▶ Exercise description
Print exactly the lines below between the line holding "apply Rmult_lt_reg_r with" and the line holding "intro Hs. revert m. induction n as [|n IH]; intros [|m];", inclusive, and nothing more.

*** Task material ***

Lemma ps_unique (d : nat -> R) D :
  (forall n, Rabs (d n) <= D) ->
  (forall x, 0 < x < 1 -> infinite_sum (fun n => d n * x ^ n) 0) ->
  forall n, d n = 0.
Proof.
  intros Hd Hs.
  assert (HD : 0 <= D) by (eapply Rle_trans; [apply Rabs_pos|apply (Hd O)]).
  intro n. induction n as [n IH] using (well_founded_induction Wf_nat.lt_wf).
  destruct (Req_dec (d n) 0) as [h|h]; auto. exfalso.
  pose proof (Rabs_pos_lt _ h) as Hp. pose proof (Hd n) as Hdn.
  set (a := Rabs (d n)) in *.
  (* x = a / (2 (D + a)) is small enough to make the tail smaller than a x^n *)
  set (x := a / (2 * (D + a))).
  assert (Hx : 0 < x < 1 / 2).
  { unfold x. split; [apply Rdiv_lt_0_compat; lra|].
    apply Rmult_lt_reg_r with (2 * (D + a)); [lra|].
    replace (a / (2 * (D + a)) * (2 * (D + a))) with a by (field; lra). lra. }
  pose proof (ps_leading_coeff_bound d D x n HD ltac:(lra) Hd IH (Hs x ltac:(lra))) as Hb.
  assert (Hxn : 0 < x ^ n) by (apply pow_lt; lra).
  rewrite pow_add, pow_1 in Hb.
  assert (Hb2 : a * (1 - x) <= D * x).
  { apply Rmult_le_reg_r with (x ^ n / (1 - x)).
    { apply Rdiv_lt_0_compat; lra. }
    replace (a * (1 - x) * (x ^ n / (1 - x))) with (a * x ^ n) by (field; lra).
    replace (D * x * (x ^ n / (1 - x))) with (D * (x ^ n * x) / (1 - x)) by (field; lra).
    exact Hb. }
  assert (Hax : a = 2 * (D + a) * x) by (unfold x; field; lra).
  nra.
Qed.

(** ** The coefficient matrix of C_{phi_s} *)

(** B s n m is the coefficient of y^m in (s y + 1 - s)^n (Pascal-type recursion). *)
Fixpoint B (s : R) (n m : nat) : R :=
  match n, m with
  | O, O => 1
  | O, S _ => 0
  | S n', O => (1 - s) * B s n' O
  | S n', S m' => s * B s n' m' + (1 - s) * B s n' (S m')
  end.

Lemma B_nonneg s n m : 0 <= s <= 1 -> 0 <= B s n m.
Proof.
  intro Hs. revert m. induction n as [|n IH]; intros [|m]; simpl; try lra.
  - apply Rmult_le_pos; [lra|apply IH].
  - apply Rplus_le_le_0_compat; apply Rmult_le_pos; try lra; apply IH.
Qed.

Lemma B_zero s n m : (n < m)%nat -> B s n m = 0.
Proof.
  revert m. induction n as [|n IH]; intros [|m] H; simpl; try lia; try reflexivity.
  rewrite !IH by lia. ring.
Qed.

Lemma B_first_column s n : B s n 0 = (1 - s) ^ n.
Proof. induction n; simpl; [reflexivity|rewrite IHn; ring]. Qed.

Lemma B_row s y n K : (n <= K)%nat ->
  sum_f_R0 (fun m => B s n m * y ^ m) K = (s * y + (1 - s)) ^ n.
Proof.
  revert K. induction n as [|n IH]; intros K HK.
  - destruct K as [|K]; [simpl; ring|]. rewrite sum_shift.
    rewrite sum_eq_R0; [simpl; ring|]. intros; simpl; ring.
  - destruct K as [|K]; [lia|]. rewrite sum_shift.
    assert (E : sum_f_R0 (fun i => B s (S n) (S i) * y ^ (S i)) K =
      s * y * sum_f_R0 (fun i => B s n i * y ^ i) K
      + (1 - s) * sum_f_R0 (fun i => B s n (S i) * y ^ (S i)) K).
    { rewrite !scal_sum, <- plus_sum; apply sum_eq; intros; simpl; ring. }
    pose proof (IH (S K) ltac:(lia)) as H1. rewrite sum_shift in H1.
    rewrite E, (IH K) by lia. simpl B at 1. simpl pow in *. rewrite <- H1. ring.
Qed.

Lemma B_row_sum s n K : (n <= K)%nat -> sum_f_R0 (fun m => B s n m) K = 1.
Proof.
  intro H. transitivity (sum_f_R0 (fun m => B s n m * 1 ^ m) K).
  - apply sum_eq. intros; rewrite pow1; ring.
  - rewrite B_row by auto. replace (s * 1 + (1 - s)) with 1 by ring. apply pow1.
Qed.

(** Column sums are at most 1/s; this is what makes C_{phi_s} bounded. *)
Lemma B_column_sum s N m : 0 < s < 1 -> s * sum_f_R0 (fun n => B s n m) N <= 1.
Proof.
  intro Hs. revert m. induction N as [|N IH]; intros m.
  - simpl. destruct m; simpl; lra.
  - rewrite sum_shift. destruct m as [|m].
    + replace (sum_f_R0 (fun i => B s (S i) 0) N) with ((1 - s) * sum_f_R0 (fun i => B s i 0) N)
        by (rewrite scal_sum; apply sum_eq; intros; simpl; ring).
      specialize (IH O). simpl B. nra.
    + replace (sum_f_R0 (fun i => B s (S i) (S m)) N) with
        (s * sum_f_R0 (fun i => B s i m) N + (1 - s) * sum_f_R0 (fun i => B s i (S m)) N)
        by (rewrite !scal_sum, <- plus_sum; apply sum_eq; intros; simpl; ring).
      pose proof (IH m). pose proof (IH (S m)). simpl B. nra.
Qed.

Definition AdjR (s : R) (y : nat -> R) (n : nat) : R :=
  sum_f_R0 (fun m => B s n m * y m) n.

Lemma AdjR_supported_at_0 s y n :
  (forall m, (0 < m)%nat -> y m = 0) -> AdjR s y n = (1 - s) ^ n * y O.
Proof.
  intro H. unfold AdjR. rewrite (sum_support _ 0 n), <- B_first_column; [reflexivity| |lia].
  intros m Hm. rewrite H by lia. ring.
Qed.

Lemma AdjR_l2 s y N : 0 < s < 1 ->
  sum_f_R0 (fun n => (AdjR s y n) ^ 2) N <= / s * sum_f_R0 (fun m => y m ^ 2) N.
Proof.
  intro Hs.
  assert (Hrow : forall n, (n <= N)%nat ->
            (AdjR s y n) ^ 2 <= sum_f_R0 (fun m => B s n m * y m ^ 2) N).
  { intros n Hn. unfold AdjR.
    eapply Rle_trans; [apply weighted_cauchy_schwarz; intro; apply B_nonneg; lra|].
    rewrite B_row_sum, Rmult_1_l by lia.
    right. symmetry. apply sum_support; auto. intros m Hm. rewrite B_zero by lia. ring. }
  apply Rle_trans with (sum_f_R0 (fun n => sum_f_R0 (fun m => B s n m * y m ^ 2) N) N).
  - apply sum_Rle. exact Hrow.
  - rewrite sum_swap, scal_sum. apply sum_Rle. intros m _.
    replace (sum_f_R0 (fun n => B s n m * y m ^ 2) N) with
      (y m ^ 2 * sum_f_R0 (fun n => B s n m) N) by (rewrite scal_sum; apply sum_eq; intros; ring).
    pose proof (B_column_sum s N m Hs). pose proof (pow2_ge_0 (y m)).
    apply Rmult_le_reg_l with s; [lra|].
    replace (s * (y m ^ 2 * / s)) with (y m ^ 2) by (field; lra). nra.
Qed.

(** ** Interchanging a lower-triangular double series *)

Section TriangularFubini.

Variables (u : nat -> nat -> R) (v : nat -> R) (R0 : R).
Hypothesis u_lower : forall n m, (n < m)%nat -> u n m = 0.
Hypothesis u_abs_rows : infinite_sum (fun n => sum_f_R0 (fun m => Rabs (u n m)) n) R0.
Hypothesis u_columns : forall m, infinite_sum (fun n => u n m) (v m).

Let row (n : nat) : R := sum_f_R0 (fun m => u n m) n.
Let arow (n : nat) : R := sum_f_R0 (fun m => Rabs (u n m)) n.

Let arow_nonneg n : 0 <= arow n.
Proof. apply cond_pos_sum. intro; apply Rabs_pos. Qed.

(** Summing the first M+1 columns instead of the first M+1 rows only misses
    entries of rows beyond M, whose absolute sum is the tail R0 - sum arow. *)
Lemma columns_minus_rows M :
  Rabs (sum_f_R0 v M - sum_f_R0 row M) <= R0 - sum_f_R0 arow M.
Proof.
  set (g := fun n => sum_f_R0 (fun m => u n m) M).
  assert (Hg : forall n, (n <= M)%nat -> g n = row n).
  { intros n Hn. apply sum_support; auto. }
  assert (Hg2 : forall n, Rabs (g n) <= arow n).
  { intro n. eapply Rle_trans; [apply Rsum_abs|].
    destruct (Compare_dec.le_lt_dec M n).
    - apply sum_mono; auto. intro; apply Rabs_pos.
    - right. apply sum_support; [|lia]. intros m Hm. rewrite u_lower by lia. apply Rabs_R0. }
  assert (Hlim : Un_cv (fun N => sum_f_R0 g N - sum_f_R0 row M) (sum_f_R0 v M - sum_f_R0 row M)).
  { apply CV_minus; [|apply CV_const].
    intros eps Heps.
    destruct (sum_lim (fun N m => sum_f_R0 (fun n => u n m) N) v M u_columns eps Heps) as [N HN].
    exists N. intros n Hn. unfold g. rewrite sum_swap. apply HN; auto. }
  assert (Bd : forall k, Rabs (sum_f_R0 g (M + k) - sum_f_R0 row M)
                         <= sum_f_R0 arow (M + k) - sum_f_R0 arow M).
  { induction k as [|k IH].
    - rewrite Nat.add_0_r, (sum_eq g row M), Rminus_diag, Rminus_diag, Rabs_R0 by auto. lra.
    - replace (M + S k)%nat with (S (M + k)) by lia. rewrite !tech5.
      pose proof (Hg2 (S (M + k))).
      replace (sum_f_R0 g (M + k) + g (S (M + k)) - sum_f_R0 row M) with
        ((sum_f_R0 g (M + k) - sum_f_R0 row M) + g (S (M + k))) by ring.
      eapply Rle_trans; [apply Rabs_triang|]. lra. }
  assert (Bd' : forall N, (M <= N)%nat ->
      Rabs (sum_f_R0 g N - sum_f_R0 row M) <= R0 - sum_f_R0 arow M).
  { intros N HN. replace N with (M + (N - M))%nat by lia.
    pose proof (sum_incr arow (M + (N - M)) R0 u_abs_rows arow_nonneg). specialize (Bd (N - M)%nat).
    lra. }
  apply Rabs_le. split.
  - apply (lim_ge_eventually _ _ _ M Hlim). intros n Hn.
    specialize (Bd' n Hn). apply Rabs_le_bounds in Bd'. lra.
  - apply (lim_le_eventually _ _ _ M Hlim). intros n Hn.
    specialize (Bd' n Hn). apply Rabs_le_bounds in Bd'. lra.
Qed.

Lemma triangular_fubini :
  exists S, infinite_sum row S /\ infinite_sum v S.
Proof.
  destruct (series_cv_dominated row arow R0) as [S HS].
  { intro n. apply Rsum_abs. }
  { exact u_abs_rows. }
  exists S. split; [exact HS|].
  intros eps Heps.
  destruct (HS (eps / 2)) as [N1 HN1]; [lra|].
  destruct (u_abs_rows (eps / 2)) as [N2 HN2]; [lra|].
  exists (max N1 N2). intros n Hn.
  specialize (HN1 n ltac:(lia)). specialize (HN2 n ltac:(lia)).
  pose proof (columns_minus_rows n) as Key. unfold Rdist in *.
  pose proof (sum_incr arow n R0 u_abs_rows arow_nonneg).
  apply Rabs_def2 in HN1. apply Rabs_def2 in HN2. apply Rabs_le_bounds in Key.
  change (sum_f_R0 (fun n => sum_f_R0 (fun m => Rabs (u n m)) n) n) with (sum_f_R0 arow n) in HN2.
  apply Rabs_def1; lra.
Qed.

End TriangularFubini.

Lemma column_cv s (a : nat -> R) K : 0 < s < 1 -> (forall n, Rabs (a n) <= K) ->
  forall m, {l | infinite_sum (fun n => a n * B s n m) l /\ Rabs l <= K / s}.
Proof.
  intros Hs Ha m.
  assert (HK : 0 <= K) by (eapply Rle_trans; [apply Rabs_pos|apply (Ha O)]).
  assert (Hcol : forall N, sum_f_R0 (fun n => K * B s n m) N <= K / s).
  { intro N.
    replace (sum_f_R0 (fun n => K * B s n m) N) with (K * sum_f_R0 (fun n => B s n m) N)
      by (rewrite scal_sum; apply sum_eq; intros; ring).
    pose proof (B_column_sum s N m Hs).
    apply Rmult_le_reg_l with s; [lra|].
    replace (s * (K / s)) with K by (field; lra).
    replace (s * (K * sum_f_R0 (fun i => B s i m) N))
      with (K * (s * sum_f_R0 (fun i => B s i m) N)) by ring.
    nra. }
  destruct (nonneg_series_cv (fun n => K * B s n m) (K / s)) as [L [HL _]]; [|exact Hcol|].
  { intro n. apply Rmult_le_pos; auto. apply B_nonneg; lra. }
  assert (Hab : forall n, Rabs (a n * B s n m) <= K * B s n m).
  { intro n. rewrite Rabs_mult, (Rabs_right (B s n m)) by (apply Rle_ge, B_nonneg; lra).
    apply Rmult_le_compat_r; [apply B_nonneg; lra|apply Ha]. }
  destruct (series_cv_dominated _ _ L Hab HL) as [l Hl].
  exists l. split; auto.
  apply (lim_le _ _ _ (cv_cvabs _ _ Hl)). intro N.
  eapply Rle_trans; [apply Rsum_abs|]. eapply Rle_trans; [|apply (Hcol N)].
  apply sum_Rle. intros; apply Hab.
Qed.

*** End of Task material ***

▶ Response to this task
    apply Rmult_lt_reg_r with (2 * (D + a)); [lra|].
    replace (a / (2 * (D + a)) * (2 * (D + a))) with a by (field; lra). lra. }
  pose proof (ps_leading_coeff_bound d D x n HD ltac:(lra) Hd IH (Hs x ltac:(lra))) as Hb.
  assert (Hxn : 0 < x ^ n) by (apply pow_lt; lra).
  rewrite pow_add, pow_1 in Hb.
  assert (Hb2 : a * (1 - x) <= D * x).
  { apply Rmult_le_reg_r with (x ^ n / (1 - x)).
    { apply Rdiv_lt_0_compat; lra. }
    replace (a * (1 - x) * (x ^ n / (1 - x))) with (a * x ^ n) by (field; lra).
    replace (D * x * (x ^ n / (1 - x))) with (D * (x ^ n * x) / (1 - x)) by (field; lra).
    exact Hb. }
  assert (Hax : a = 2 * (D + a) * x) by (unfold x; field; lra).
  nra.
Qed.

(** ** The coefficient matrix of C_{phi_s} *)

(** B s n m is the coefficient of y^m in (s y + 1 - s)^n (Pascal-type recursion). *)
Fixpoint B (s : R) (n m : nat) : R :=
  match n, m with
  | O, O => 1
  | O, S _ => 0
  | S n', O => (1 - s) * B s n' O
  | S n', S m' => s * B s n' m' + (1 - s) * B s n' (S m')
  end.

Lemma B_nonneg s n m : 0 <= s <= 1 -> 0 <= B s n m.
Proof.
  intro Hs. revert m. induction n as [|n IH]; intros [|m]; simpl; try lra.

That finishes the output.